As for the bloody, brutal story of Thyestes and the brother he could not share power with, we learn little of that legend other than that the genre of torture porn didn't start with the Saw franchise. Maybe Darren Lynn Bousman ( who helmed the last three Saw films ) can direct the Thyestes sequel.
THEATER REVIEW
Noir
Playwright: Blake Montgomery and cast
At: Building Stage, 412 N. Carpenter
Phone: 312-491-1369; $20
Runs through: Nov. 3
BY JONATHAN ABARBANEL
As its name suggests, Noir is a tribute to the shadowy tales of greed, lust, murder, cross and double-cross honored in an entire genre of detective fiction in print and, most notably, on film. Cinema noir doesn't have to be a detective story—The Sweet Smell of Success isn't, for example—but dick and noir are four-letter words that frequently go together.
As rendered here, Noir is iconic and generic. It's iconic in that situations, scenes and dialogue—about 90 percent of the show—are taken directly from noir classics including The Maltese Falcon, The Big Sleep, Gilda, The Lady from Shanghai, Double Indemnity, Out of the Past and a few more. It's generic in that the characters, for the most part, are not named or distinguished. There's the private eye, his Girl Friday and various femmes fatales. Two men play the gumshoe, and it's impossible to say if they are aspects of the same person or uneasy partners the likes of Miles Archer and Sam Spade. Whichever, they encounter numerous blind alleys, dark shadows, rainy nights ( real rain in the Building Stage production ) and dames ( played by four actresses ) . Like a bad dream that won't go away, it's always the same but different: murders, Mickey Finns and women with more curves than a roller coaster and more twists than a bowl of spaghetti.
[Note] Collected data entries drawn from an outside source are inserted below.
Lemma dcomp_widen M N B : (ord1 M <= B)%N -> (ord1 N <= B)%N ->
  dcomp dx dy M N =
  \sum_(i < B) \sum_(j < B) \sum_(i' < B) \sum_(j' < B) dcomp_term M N i j i' j'.
Proof.
move=> le_MB le_NB.
have sizeM := leq_trans (size_op_ord1 M) le_MB.
have sizeN := leq_trans (size_op_ord1 N) le_NB.
have sizeMi i := leq_trans (size_coef_op_ord1 M i) le_MB.
have sizeNi i := leq_trans (size_coef_op_ord1 N i) le_NB.
pose S3 i j i' := \sum_(j' < size (N`_i')%R) dcomp_term M N i j i' j'.
pose S2 i j := \sum_(i' < size N) S3 i j i'.
pose S1 i := \sum_(j < size (M`_i)%R) S2 i j.
rewrite -[dcomp _ _ M N]/(\sum_(i < size M) S1 i).
rewrite (sum_ord_widen (F := S1) sizeM) => [|i le_Mi]; last first.
  by rewrite /S1 nth_default // size_poly0 big_ord0.
apply: eq_bigr => i _; rewrite /S1 (sum_ord_widen (F := S2 i) (sizeMi i)) => [|j le_Mij].
  apply: eq_bigr => j _; rewrite /S2 (sum_ord_widen (F := S3 i j) sizeN) => [|i' le_Ni'].
    apply: eq_bigr => i' _.
    rewrite /S3 (sum_ord_widen (F := dcomp_term M N i j i') (sizeNi i')) //.
    by move=> j' le_Nij'; apply: dcomp_term_eq0r; rewrite /coef nth_default.
  by rewrite /S3 nth_default // size_poly0 big_ord0.
rewrite /S2 big1 // => i' _; rewrite /S3 big1 // => j' _.
by apply: dcomp_term_eq0l; rewrite /coef nth_default.
Qed.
Despite the familiar scenes and dialogue, Noir is a dreamlike abstraction of moments rather than a literal story; a performance piece played out with monochromatic set, lighting, costumes and pale makeup as close to movie black-and-white as possible. After all, Technicolor is one of the things that killed Cinema Noir. However, beyond the beautiful physical production—its lithe cast choreographed as much as directed—Noir doesn't offer much. It lacks the intellectual and emotional heft of earlier Building Stage achievements, such as Dustbowl Gothic and Moby Dick. Perhaps it's less fulfilling precisely because the Cinema Noir repertoire is so well known. This production doesn't interpret or comment on the genre, but only calls attention to its standard devices, the repeated patterns of storytelling that recur film after film.
Noir is a beautiful and stylish objet d'art, an elegant living shadowbox with costumes by Meghan Raham, all-important lighting by Lee Keenan ( assisted by Ryan Williams ) and scenic design by Raham, Keenan and director Blake Montgomery ( the founder/artistic director of Building Stage ) . The ubiquitous Kevin O'Donnell provides the smoky sound design, which compliments the smoke, fog and rain that surround the players. This show would be perfectly at home presented at the Museum of Contemporary Art rather than at a River West warehouse. At 75 minutes, it's a good prelude to a River West dinner; however, it's an amuse-bouche, not an entree.